(Data excerpts)
(* Consider the controlled system $\dot x = f(x)+g(x)u$, $y=h(x)$, with $x\in\mathbb{R}^{d_x}$, $u\in\mathbb{R}^{d_u}$, $y\in\mathbb{R}$, where $f,g,h$ are sufficiently many times differentiable, and let $\mathcal{S}\subset\mathbb{R}^{d_x}$ be open. Suppose that $\mathbf{H}_{d_o}$ is an immersion on $\mathcal{S}$ (e.g. the system is strongly differentially observable of order $d_o$ on $\mathcal{S}$), and that for every $i\in\{1,\dots,d_o\}$ and every $x\in\mathcal{S}$ there exist $L>0$ and a neighborhood $N$ of $x$ such that $$|L_gL_f^{i-1}h(x_a)-L_gL_f^{i-1}h(x_b)|\le L\,|\mathbf{H}_i(x_a)-\mathbf{H}_i(x_b)|\qquad\forall(x_a,x_b)\in N^2.$$ Then the system is uniformly infinitesimally observable on $\mathcal{S}$.
   Context: $L_f$ is the Lie derivative along $f$, $L_g\alpha$ the row vector of Lie derivatives along the columns of $g$; $\mathbf{H}_i(x)=(h(x),L_fh(x),\dots,L_f^{i-1}h(x))$. Strongly differentially observable of order $d_o$ on $\mathcal{S}$: $\mathbf{H}_{d_o}$ is an injective immersion on $\mathcal{S}$. Uniform infinitesimal observability: consider the lifted system $\dot x=f(x)+g(x)u$, $\dot v=\big[\frac{\partial f}{\partial x}(x)+\frac{\partial (g u)}{\partial x}(x)\big]v$, with outputs $y=h(x)$, $w=\frac{\partial h}{\partial x}(x)v$, $v\in\mathbb{R}^{d_x}$, whose solutions are $(X_u(x,t),V_u((x,v),t))$. The system is uniformly infinitesimally observable on $\mathcal{S}$ if for any $(x,v)\in\mathcal{S}\times(\mathbb{R}^{d_x}\setminus\{0\})$, any $T>0$ and any $C^1$ function $u$ on $[0,T)$, there exists $t<T$ with $\frac{\partial h}{\partial x}(X_u(x,t))\,V_u((x,v),t)\ne0$ and $X_u(x,s)\in\mathcal{S}$ for all $s\le t$. *)

From HB Require Import structures.
From mathcomp Require Import all_boot all_order all_algebra.
From mathcomp Require Import all_classical all_reals all_analysis.
Set Implicit Arguments. Unset Strict Implicit. Unset Printing Implicit Defensive.
Import Order.TTheory GRing.Theory Num.Theory.
Import numFieldNormedType.Exports.
Local Open Scope ring_scope.
Local Open Scope classical_set_scope.

Section Smoothness.
Variables (R : realType) (n : nat) (W : normedModType R).

Fixpoint Ck (k : nat) (phi : 'rV[R]_n -> W) : Prop :=
  match k with
  | 0 => continuous phi
  | k.+1 => (forall x, differentiable phi x) /\
            forall v : 'rV[R]_n, Ck k (fun x => 'D_v phi x)
  end.

Definition smooth (phi : 'rV[R]_n -> W) : Prop := forall k, Ck k phi.

Definition immersion_on (S : set 'rV[R]_n) (F : 'rV[R]_n -> W) : Prop :=
  forall x, S x -> differentiable F x /\ (forall v, 'd F x v = 0 -> v = 0).
End Smoothness.
Lemma cluster_in_Sol_of_resid (al : R) u : 0 < al ->
  (\forall N \near \oo, (X `*` Y) (u N)) ->
  (forall e, 0 < e -> \forall N \near \oo, enorm (resid f Y al (u N).1 (u N).2) <= e) ->
  cluster_in_Sol u.
Proof.
move=> al0 uXY res.
pose w p := p.2 - al *: grad_y f p.
have wc : continuous w.
  move=> p; apply: cvgB; first exact: continuous_snd.
  by apply: cvgZ; [exact: cvg_cst | exact: gyc].
(* The projection is not known to be continuous, so we also cluster its values. *)
pose v N := (u N, Defs.proj Y (w (u N))).
have vXYY : \forall N \near \oo, (X `*` Y `*` Y) (v N).
  by apply: filterS uXY => N uN; split => //; case: (projP (w (u N)) Y0 Yk).
have [[[a b] p] [[[/= Xa Yb] Yp] clv]] :=
  compact_cluster_seq (compact_setX (compact_setX Xk Yk) Yk) vXYY.
have clab : cluster (u @ \oo) (a, b) := cluster_fmap clv (continuous_fst _).
have c12 : continuous (fun t : ('rV[R]_n * 'rV[R]_m) * 'rV[R]_m => t.1.2).
  by move=> t; exact: continuous_comp (continuous_fst _) (continuous_snd _).
have bp : b = p.
  apply/subr0_eq/sqnorm_le0.
  apply: (@cluster_ler0 _ _ _ (fun t : 'rV_n * 'rV_m * 'rV_m => sqnorm (t.1.2 - t.2)) _ clv).
    exact: continuous_sqnormB (c12 _) (continuous_snd _).
  move=> e e0; have e0' : 0 < Num.sqrt e by rewrite sqrtr_gt0.
  apply: filterS (res _ e0') => N resN /=.
  have -> : (u N).2 - Defs.proj Y (w (u N)) = resid f Y al (u N).1 (u N).2.
    by rewrite /w /resid; case: (u N).
  exact: sqnorm_le_of_enorm e0 resN.
have bmin q : Y q -> sqnorm (b - w (a, b)) <= sqnorm (q - w (a, b)).
  move=> Yq; rewrite -subr_le0 {1}bp.
  apply: (@cluster_ler0 _ _ _
    (fun t : 'rV_n * 'rV_m * 'rV_m => sqnorm (t.2 - w t.1) - sqnorm (q - w t.1)) _ clv).
    have w1c : continuous (fun t : ('rV[R]_n * 'rV[R]_m) * 'rV[R]_m => w t.1).
      by move=> t; exact: continuous_comp (continuous_fst _) (wc _).
    exact: cvgB (continuous_sqnormB (continuous_snd _) (w1c _))
                (continuous_sqnormB (cvg_cst q) (w1c _)).
  move=> e e0; exists 0%N => // N _ /=; apply: le_trans (ltW e0); rewrite subr_le0.
  exact: enorm_le_sqnorm ((projP (w (u N)) Y0 Yk).2 q Yq).
exists a, b; split => //; split => //; split => // q Yq.
apply: convex_min_of_grad_y (fd _) (fconv Xa) _.
have := min_dist_variational Yc Yb bmin Yq.
have -> : b - w (a, b) = al *: grad_y f (a, b) by rewrite /w opprB addrC subrK.
by rewrite dotrZr pmulr_rge0.
Qed.
Lemma tensmx11 m n : (1%:M : 'M[R]_m) *t (1%:M : 'M[R]_n) = 1%:M.
Proof.
apply/matrixP=> i j.
case: (mxtens_indexP i) => i0 i1; case: (mxtens_indexP j) => j0 j1.
rewrite tensmxE !mxE (inj_eq (can_inj (@mxtens_indexK _ _))) xpair_eqE.
by case: (i0 == j0); case: (i1 == j1); rewrite ?mulr1 ?mulr0.
Qed.

Lemma gram_tensmx m n p q (A : 'M[R]_(m, n)) (B : 'M[R]_(p, q)) :
  gram (A *t B) = gram A *t gram B.
Proof. by rewrite /gram trmx_tens tensmx_mul. Qed.

Lemma castmx_scalar_mx m m' (e : m = m') (a : R) : castmx (e, e) a%:M = a%:M.
Proof. by case: m' / e; rewrite castmx_id. Qed.

Lemma castmx_tensmx1 m m' a (G : 'M[R]_m) (e : (m * a = m')%N) (e' : m = m') :
  a = 1%N -> castmx (e, e) (G *t (1%:M : 'M_a)) = castmx (e', e') G.
Proof.
move=> a1; subst a; case: m' / e' e => e.
by rewrite tens_mx_scalar scale1r castmx_comp !castmx_id.
Qed.

Lemma gram_stp m N p (A : 'M[R]_(m, N)) (W : 'M[R]_p) :
  gram W = 1%:M -> gram (stp A W) = gram A *t 1%:M.
Proof.
move=> hW; rewrite gram_mulmx ?gram_tensmx ?gram1 //.
by rewrite gram_castmx gram_tensmx hW gram1 tensmx11 castmx_scalar_mx.
Qed.

End Gram.

Section SwapMatrix.
Variables m n : nat.

Definition swap_ord (b : 'I_(m * n)) : 'I_(m * n) :=
  cast_ord (mulnC n m) (mxtens_index ((mxtens_unindex b).2, (mxtens_unindex b).1)).

Lemma swap_ord_inj : injective swap_ord.
Proof.
move=> b b' /cast_ord_inj /(can_inj (@mxtens_indexK _ _)) [e2 e1].
by apply: val_inj; rewrite /= (divn_eq b n) (divn_eq b' n) e1 e2.
Qed.
Definition mxnorm (R : realType) (d : nat) (M : 'M[R[i]]_d) : R :=
  \big[Num.max/0]_(ij : 'I_d * 'I_d) cabs (M ij.1 ij.2).

(* product A_{w(n-1)} ... A_{w 0} of a word over a two-letter alphabet:
   letter true = A, letter false = B *)
Definition wordprod (R : realType) (d : nat) (A B : 'M[R[i]]_d) (n : nat)
  (w : {ffun 'I_n -> bool}) : 'M[R[i]]_d :=
  \prod_(j < n) (if w (rev_ord j) then A else B).

Definition jsr_seq (R : realType) (d : nat) (A B : 'M[R[i]]_d) (n : nat) : R :=
  \big[Num.max/0]_(w : {ffun 'I_n -> bool})
     (mxnorm (wordprod A B w) `^ (n%:R^-1)).

Definition jsr2 (R : realType) (d : nat) (A B : 'M[R[i]]_d) : R :=
  limn (jsr_seq A B).

From HB Require Import structures.
From mathcomp Require Import all_boot all_order all_algebra.
From mathcomp Require Import all_classical all_reals all_analysis.
From mathcomp Require Import complex.
From mathcomp Require Import ring lra zify.
Import Order.TTheory GRing.Theory Num.Theory.
Import numFieldNormedType.Exports.
Set Implicit Arguments. Unset Strict Implicit. Unset Printing Implicit Defensive.
Local Open Scope ring_scope.

(* Write A = u w.  Every word in A and B is either B^n or B^j u (c w B^m),
   where the scalar c is a product of the coefficients c_k = w B^k u, one for
   each factor A B^k; moreover rho(A B^k) = |c_k|.  Let l be the larger of
   rho(B) and sup_k |c_k|^(1/(k+1)).  As |c_k| = O(beta^k) for every
   beta > rho(B), this supremum is attained as soon as it exceeds rho(B).
   Schur triangularization followed by a diagonal rescaling gives
   ||B^k|| <= K beta^k for beta > rho(B), hence ||W|| <= K' beta^n for every
   word W of length n and every beta > l.  Conversely the words B^n, or
   (A B^k)^q A B^s = c_k^q A B^s, have norm at least C t^n for every t < l.
   So the n-th roots of the largest word norms converge to l. *)

Section ComplexModulus.
Variable R : realType.
Implicit Types x y : R[i].

Lemma cabs_ge0 x : 0 <= cabs x.
Proof. by case: x => a b; exact: sqrtr_ge0. Qed.

Lemma cabs0 : cabs (0 : R[i]) = 0.
Proof. exact: ComplexField.Normc.normc0. Qed.

Lemma cabs1 : cabs (1 : R[i]) = 1.
Proof. exact: ComplexField.Normc.normc1. Qed.

Lemma cabsM x y : cabs (x * y) = cabs x * cabs y.
Proof. exact: ComplexField.Normc.normcM. Qed.

Lemma cabsV x : cabs x^-1 = (cabs x)^-1.
Proof. exact: ComplexField.Normc.normcV. Qed.

Lemma cabsX x k : cabs (x ^+ k) = cabs x ^+ k.
Proof. by elim: k => [|k IH]; rewrite ?expr0 ?cabs1 // !exprS cabsM IH. Qed.

Lemma cabs_gt0 x : (0 < cabs x) = (x != 0).
Proof.
rewrite lt_neqAle cabs_ge0 andbT eq_sym; apply/negb_inj; rewrite !negbK.
by apply/eqP/eqP => [/ComplexField.Normc.eq0_normc|->]; rewrite ?cabs0.
Qed.

Lemma cabs_real (a : R) : 0 <= a -> cabs (a%:C)%C = a.
Proof. by move=> a0; rewrite /cabs /= expr0n /= addr0 sqrtr_sqr ger0_norm. Qed.

Lemma cabs_sum I (r : seq I) (P : pred I) (F : I -> R[i]) :
  cabs (\sum_(i <- r | P i) F i) <= \sum_(i <- r | P i) cabs (F i).
Proof.
elim/big_ind2: _ => [|a x b y ha hb|//]; first by rewrite cabs0.
exact: le_trans (@le_normcD R x y) (lerD ha hb).
Qed.

End ComplexModulus.

Section MatrixNorms.
Variable R : realType.
Local Notation C := R[i].

Definition maxnorm m n (M : 'M[C]_(m, n)) : R :=
  \big[Num.max/0]_(ij : 'I_m * 'I_n) cabs (M ij.1 ij.2).

Definition rownorm n (M : 'M[C]_n) : R := \big[Num.max/0]_i \sum_j cabs (M i j).

Lemma mxnormE n (M : 'M[C]_n) : mxnorm M = maxnorm M.
Proof. by []. Qed.

Lemma maxnorm_ge0 m n (M : 'M[C]_(m, n)) : 0 <= maxnorm M.
Proof.
by rewrite /maxnorm; elim/big_ind: _ => // [x y hx hy|ij _]; rewrite ?le_max ?hx ?cabs_ge0.
Qed.

Lemma maxnorm_entry m n (M : 'M[C]_(m, n)) i j : cabs (M i j) <= maxnorm M.
Proof. exact: (le_bigmax 0 (fun ij : 'I_m * 'I_n => cabs (M ij.1 ij.2)) (i, j)). Qed.

Lemma maxnorm_le m n (M : 'M[C]_(m, n)) c :
  0 <= c -> (forall i j, cabs (M i j) <= c) -> maxnorm M <= c.
Proof. by move=> c0 hM; apply: bigmax_le => // -[i j] _; exact: hM. Qed.

Lemma maxnorm_gt0 m n (M : 'M[C]_(m, n)) : M != 0 -> 0 < maxnorm M.
Proof.
move=> M0; have [i [j Mij]] : exists i j, M i j != 0.
  apply: contraNP M0 => none; apply/eqP/matrixP => i j; rewrite mxE.
  by have [//|Mij] := eqVneq (M i j) 0; case: none; exists i, j.
by apply: lt_le_trans (maxnorm_entry M i j); rewrite cabs_gt0.
Qed.

Lemma maxnorm_mul m n p (X : 'M[C]_(m, n)) (Y : 'M[C]_(n, p)) :
  maxnorm (X *m Y) <= n%:R * (maxnorm X * maxnorm Y).
Proof.
apply: maxnorm_le => [|i j]; first by rewrite !mulr_ge0 ?maxnorm_ge0.
rewrite mxE; apply: le_trans (cabs_sum _ _ _) _.
apply: le_trans (_ : \sum_(l < n) maxnorm X * maxnorm Y <= _).
  by apply: ler_sum => l _; rewrite cabsM ler_pM ?cabs_ge0 ?maxnorm_entry.
by rewrite sumr_const card_ord mulr_natl.
Qed.

Lemma maxnorm_mul3 m n p q (X : 'M[C]_(m, n)) (Y : 'M[C]_(n, p)) (Z : 'M[C]_(p, q)) :
  maxnorm (X *m Y *m Z) <= n%:R * p%:R * maxnorm X * maxnorm Y * maxnorm Z.
Proof.
apply: le_trans (maxnorm_mul _ _) _.
apply: le_trans (_ : p%:R * (n%:R * (maxnorm X * maxnorm Y) * maxnorm Z) <= _).
  by rewrite ler_wpM2l ?ler0n // ler_wpM2r ?maxnorm_ge0 ?maxnorm_mul.
by rewrite [leRHS](_ : _ = p%:R * (n%:R * (maxnorm X * maxnorm Y) * maxnorm Z)) //; ring.
Qed.

Lemma maxnormZ m n (a : C) (X : 'M[C]_(m, n)) : maxnorm (a *: X) = cabs a * maxnorm X.
Proof.
have le_scale b (Y : 'M[C]_(m, n)) : maxnorm (b *: Y) <= cabs b * maxnorm Y.
  apply: maxnorm_le => [|i j]; first by rewrite mulr_ge0 ?cabs_ge0 ?maxnorm_ge0.
  by rewrite mxE cabsM ler_wpM2l ?cabs_ge0 ?maxnorm_entry.
apply/eqP; rewrite eq_le le_scale /=.
have [->|a0] := eqVneq a 0; first by rewrite cabs0 mul0r maxnorm_ge0.
have ca : 0 < cabs a by rewrite cabs_gt0.
rewrite -ler_pdivlMl // -cabsV; apply: le_trans (le_scale _ _).
by rewrite scalerA mulVf // scale1r.
Qed.

Lemma rownorm_ge0 n (M : 'M[C]_n) : 0 <= rownorm M.
Proof.
rewrite /rownorm; elim/big_ind: _ => // [x y hx hy|i _]; first by rewrite le_max hx.
by apply: sumr_ge0 => j _; exact: cabs_ge0.
Qed.

Lemma rownorm_row n (M : 'M[C]_n) i : \sum_j cabs (M i j) <= rownorm M.
Proof. exact: (le_bigmax 0 (fun i => \sum_j cabs (M i j)) i). Qed.

Lemma rownorm_le n (M : 'M[C]_n) c :
  0 <= c -> (forall i, \sum_j cabs (M i j) <= c) -> rownorm M <= c.
Proof. by move=> c0 hM; apply: bigmax_le => // i _; exact: hM. Qed.

Lemma maxnorm_le_rownorm n (M : 'M[C]_n) : maxnorm M <= rownorm M.
Proof.
apply: maxnorm_le => [|i j]; first exact: rownorm_ge0.
apply: le_trans (rownorm_row M i).
by rewrite (bigD1 j) //= lerDl; apply: sumr_ge0 => l _; exact: cabs_ge0.
Qed.

Lemma rownorm_mul n (X Y : 'M[C]_n) : rownorm (X *m Y) <= rownorm X * rownorm Y.
Proof.
apply: rownorm_le => [|i]; first by rewrite mulr_ge0 ?rownorm_ge0.
apply: le_trans (_ : \sum_j \sum_l cabs (X i l) * cabs (Y l j) <= _).
  apply: ler_sum => j _; rewrite mxE; apply: le_trans (cabs_sum _ _ _) _.
  by apply: ler_sum => l _; rewrite cabsM.
rewrite exchange_big /=.
apply: le_trans (_ : \sum_l cabs (X i l) * rownorm Y <= _).
  by apply: ler_sum => l _; rewrite -mulr_sumr ler_wpM2l ?cabs_ge0 ?rownorm_row.
by rewrite -mulr_suml ler_wpM2r ?rownorm_ge0 ?rownorm_row.
Qed.

Lemma rownormX n (M : 'M[C]_n) k : rownorm (M ^+ k) <= rownorm M ^+ k.
Proof.
elim: k => [|k IH].
  apply: rownorm_le => // i; rewrite (bigD1 i) //= big1 => [|j /negbTE ji].
    by rewrite mxE eqxx cabs1 addr0.
  by rewrite mxE eq_sym ji cabs0.
rewrite !exprS -mulmxE; apply: le_trans (rownorm_mul _ _) _.
by rewrite ler_wpM2l ?rownorm_ge0.
Qed.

■ Exercise requirements: For this exercise, repeat exactly the lines of the data above from the one with "apply: le_trans (_ : \sum_l" down to the one with "Lemma rownormX n", both end lines included.

■ Solved exercise:
apply: le_trans (_ : \sum_l cabs (X i l) * rownorm Y <= _).
  by apply: ler_sum => l _; rewrite -mulr_sumr ler_wpM2l ?cabs_ge0 ?rownorm_row.
by rewrite -mulr_suml ler_wpM2r ?rownorm_ge0 ?rownorm_row.
Qed.

Lemma rownormX n (M : 'M[C]_n) k : rownorm (M ^+ k) <= rownorm M ^+ k.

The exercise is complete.